## ASSIGNED TASK
Give again, word for word, every line below from the one that has "have sub_img : h" through the one that has "op_hom f G1 G2 -> op_hom g G2 G1 ->", both included, and no others.

## ENTRIES SUPPLIED
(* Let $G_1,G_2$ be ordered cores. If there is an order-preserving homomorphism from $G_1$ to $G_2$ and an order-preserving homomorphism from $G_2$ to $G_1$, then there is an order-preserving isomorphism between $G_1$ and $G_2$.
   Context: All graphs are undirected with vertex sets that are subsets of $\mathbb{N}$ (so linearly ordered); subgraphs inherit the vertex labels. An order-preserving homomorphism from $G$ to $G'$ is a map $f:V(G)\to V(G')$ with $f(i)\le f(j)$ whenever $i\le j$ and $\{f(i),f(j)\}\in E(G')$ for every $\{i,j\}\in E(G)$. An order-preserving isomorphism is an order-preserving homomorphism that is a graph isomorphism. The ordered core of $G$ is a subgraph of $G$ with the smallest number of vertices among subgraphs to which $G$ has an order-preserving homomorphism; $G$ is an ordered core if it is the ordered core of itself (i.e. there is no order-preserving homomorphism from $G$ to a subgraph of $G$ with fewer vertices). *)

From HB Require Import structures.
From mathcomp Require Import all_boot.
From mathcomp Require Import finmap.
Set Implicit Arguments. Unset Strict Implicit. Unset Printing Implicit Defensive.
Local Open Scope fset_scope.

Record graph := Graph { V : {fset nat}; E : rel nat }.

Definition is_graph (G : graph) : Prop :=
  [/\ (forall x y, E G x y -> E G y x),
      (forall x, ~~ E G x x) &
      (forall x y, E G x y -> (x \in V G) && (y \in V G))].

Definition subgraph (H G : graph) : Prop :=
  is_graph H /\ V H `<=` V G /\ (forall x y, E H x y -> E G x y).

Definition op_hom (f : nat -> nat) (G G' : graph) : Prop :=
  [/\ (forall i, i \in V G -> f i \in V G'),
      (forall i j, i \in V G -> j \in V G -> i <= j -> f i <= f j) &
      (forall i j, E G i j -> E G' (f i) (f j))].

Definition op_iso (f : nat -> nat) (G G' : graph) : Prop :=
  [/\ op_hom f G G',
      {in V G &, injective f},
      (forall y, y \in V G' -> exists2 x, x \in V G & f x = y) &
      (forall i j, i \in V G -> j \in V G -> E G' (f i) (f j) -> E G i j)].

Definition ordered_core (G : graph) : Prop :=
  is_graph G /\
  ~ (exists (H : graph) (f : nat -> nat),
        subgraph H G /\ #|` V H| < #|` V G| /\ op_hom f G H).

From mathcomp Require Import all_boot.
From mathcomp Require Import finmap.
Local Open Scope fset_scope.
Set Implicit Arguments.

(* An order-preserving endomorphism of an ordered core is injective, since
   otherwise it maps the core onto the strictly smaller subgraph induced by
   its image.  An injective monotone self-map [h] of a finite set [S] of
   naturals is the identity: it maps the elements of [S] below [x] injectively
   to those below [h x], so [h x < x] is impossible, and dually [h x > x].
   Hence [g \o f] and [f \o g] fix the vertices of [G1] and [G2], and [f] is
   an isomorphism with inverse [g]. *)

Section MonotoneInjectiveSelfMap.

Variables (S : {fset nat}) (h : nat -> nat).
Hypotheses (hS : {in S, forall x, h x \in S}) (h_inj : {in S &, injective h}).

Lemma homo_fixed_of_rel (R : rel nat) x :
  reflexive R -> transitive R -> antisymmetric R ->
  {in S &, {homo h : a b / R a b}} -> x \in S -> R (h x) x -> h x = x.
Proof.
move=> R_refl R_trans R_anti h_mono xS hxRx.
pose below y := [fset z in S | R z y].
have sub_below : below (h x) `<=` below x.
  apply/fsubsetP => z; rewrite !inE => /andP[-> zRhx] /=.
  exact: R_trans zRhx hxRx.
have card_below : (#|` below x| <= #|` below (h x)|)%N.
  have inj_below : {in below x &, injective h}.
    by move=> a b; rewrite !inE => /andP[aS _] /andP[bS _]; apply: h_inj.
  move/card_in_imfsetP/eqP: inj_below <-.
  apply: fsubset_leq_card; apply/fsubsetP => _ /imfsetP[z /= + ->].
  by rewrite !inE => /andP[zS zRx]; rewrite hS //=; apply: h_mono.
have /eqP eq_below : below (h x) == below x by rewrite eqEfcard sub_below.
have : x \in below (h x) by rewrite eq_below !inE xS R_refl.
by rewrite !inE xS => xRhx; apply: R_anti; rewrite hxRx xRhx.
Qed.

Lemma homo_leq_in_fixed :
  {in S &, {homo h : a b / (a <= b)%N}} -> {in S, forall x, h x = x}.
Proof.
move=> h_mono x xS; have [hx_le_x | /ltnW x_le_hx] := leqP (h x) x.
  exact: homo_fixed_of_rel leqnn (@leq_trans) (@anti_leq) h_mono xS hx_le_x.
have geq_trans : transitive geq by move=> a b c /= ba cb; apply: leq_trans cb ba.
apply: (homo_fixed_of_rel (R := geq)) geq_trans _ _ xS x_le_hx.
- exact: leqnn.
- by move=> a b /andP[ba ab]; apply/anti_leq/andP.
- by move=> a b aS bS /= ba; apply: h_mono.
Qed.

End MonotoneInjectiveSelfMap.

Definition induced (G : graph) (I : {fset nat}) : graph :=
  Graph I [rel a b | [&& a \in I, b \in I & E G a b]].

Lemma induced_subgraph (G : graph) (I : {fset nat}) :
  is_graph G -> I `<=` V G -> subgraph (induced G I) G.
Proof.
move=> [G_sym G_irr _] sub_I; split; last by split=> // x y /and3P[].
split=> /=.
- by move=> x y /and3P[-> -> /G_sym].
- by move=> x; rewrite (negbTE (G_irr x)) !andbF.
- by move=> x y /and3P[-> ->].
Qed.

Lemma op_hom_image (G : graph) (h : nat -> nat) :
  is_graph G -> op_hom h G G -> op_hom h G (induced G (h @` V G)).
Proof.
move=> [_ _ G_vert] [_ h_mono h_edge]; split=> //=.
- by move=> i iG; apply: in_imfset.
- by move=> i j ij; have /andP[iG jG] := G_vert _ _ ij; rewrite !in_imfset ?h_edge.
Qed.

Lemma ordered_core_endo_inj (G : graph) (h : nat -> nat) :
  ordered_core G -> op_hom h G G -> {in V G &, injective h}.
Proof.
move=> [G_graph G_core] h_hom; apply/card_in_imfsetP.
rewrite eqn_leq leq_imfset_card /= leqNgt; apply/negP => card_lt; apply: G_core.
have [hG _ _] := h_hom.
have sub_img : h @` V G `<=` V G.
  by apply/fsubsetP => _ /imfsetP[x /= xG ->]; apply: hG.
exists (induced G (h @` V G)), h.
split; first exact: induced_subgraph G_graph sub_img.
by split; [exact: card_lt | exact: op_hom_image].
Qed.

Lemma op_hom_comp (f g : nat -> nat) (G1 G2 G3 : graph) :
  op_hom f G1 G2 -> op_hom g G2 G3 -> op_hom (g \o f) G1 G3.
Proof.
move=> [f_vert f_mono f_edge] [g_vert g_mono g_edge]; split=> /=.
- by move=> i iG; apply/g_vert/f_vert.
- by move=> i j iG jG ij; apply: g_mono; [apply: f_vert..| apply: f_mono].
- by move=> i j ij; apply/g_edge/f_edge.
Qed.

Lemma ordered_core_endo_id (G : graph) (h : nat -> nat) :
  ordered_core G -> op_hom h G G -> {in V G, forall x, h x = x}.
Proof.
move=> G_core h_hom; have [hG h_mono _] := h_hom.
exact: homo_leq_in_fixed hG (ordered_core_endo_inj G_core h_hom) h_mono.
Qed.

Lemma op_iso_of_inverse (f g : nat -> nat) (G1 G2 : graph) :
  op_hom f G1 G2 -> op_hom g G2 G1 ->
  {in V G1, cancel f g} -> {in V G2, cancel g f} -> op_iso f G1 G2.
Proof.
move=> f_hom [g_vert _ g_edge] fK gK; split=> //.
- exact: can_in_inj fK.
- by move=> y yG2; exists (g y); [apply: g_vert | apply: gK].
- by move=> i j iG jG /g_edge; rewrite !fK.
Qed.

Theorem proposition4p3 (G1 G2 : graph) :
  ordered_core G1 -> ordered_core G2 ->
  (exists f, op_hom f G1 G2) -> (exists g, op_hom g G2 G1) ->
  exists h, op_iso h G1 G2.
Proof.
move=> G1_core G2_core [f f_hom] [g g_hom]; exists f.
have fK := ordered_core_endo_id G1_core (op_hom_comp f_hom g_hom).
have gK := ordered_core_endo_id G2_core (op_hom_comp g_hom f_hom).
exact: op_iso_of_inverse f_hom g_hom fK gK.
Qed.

## REPLY
have sub_img : h @` V G `<=` V G.
  by apply/fsubsetP => _ /imfsetP[x /= xG ->]; apply: hG.
exists (induced G (h @` V G)), h.
split; first exact: induced_subgraph G_graph sub_img.
by split; [exact: card_lt | exact: op_hom_image].
Qed.

Lemma op_hom_comp (f g : nat -> nat) (G1 G2 G3 : graph) :
  op_hom f G1 G2 -> op_hom g G2 G3 -> op_hom (g \o f) G1 G3.
Proof.
move=> [f_vert f_mono f_edge] [g_vert g_mono g_edge]; split=> /=.
- by move=> i iG; apply/g_vert/f_vert.
- by move=> i j iG jG ij; apply: g_mono; [apply: f_vert..| apply: f_mono].
- by move=> i j ij; apply/g_edge/f_edge.
Qed.

Lemma ordered_core_endo_id (G : graph) (h : nat -> nat) :
  ordered_core G -> op_hom h G G -> {in V G, forall x, h x = x}.
Proof.
move=> G_core h_hom; have [hG h_mono _] := h_hom.
exact: homo_leq_in_fixed hG (ordered_core_endo_inj G_core h_hom) h_mono.
Qed.

Lemma op_iso_of_inverse (f g : nat -> nat) (G1 G2 : graph) :
  op_hom f G1 G2 -> op_hom g G2 G1 ->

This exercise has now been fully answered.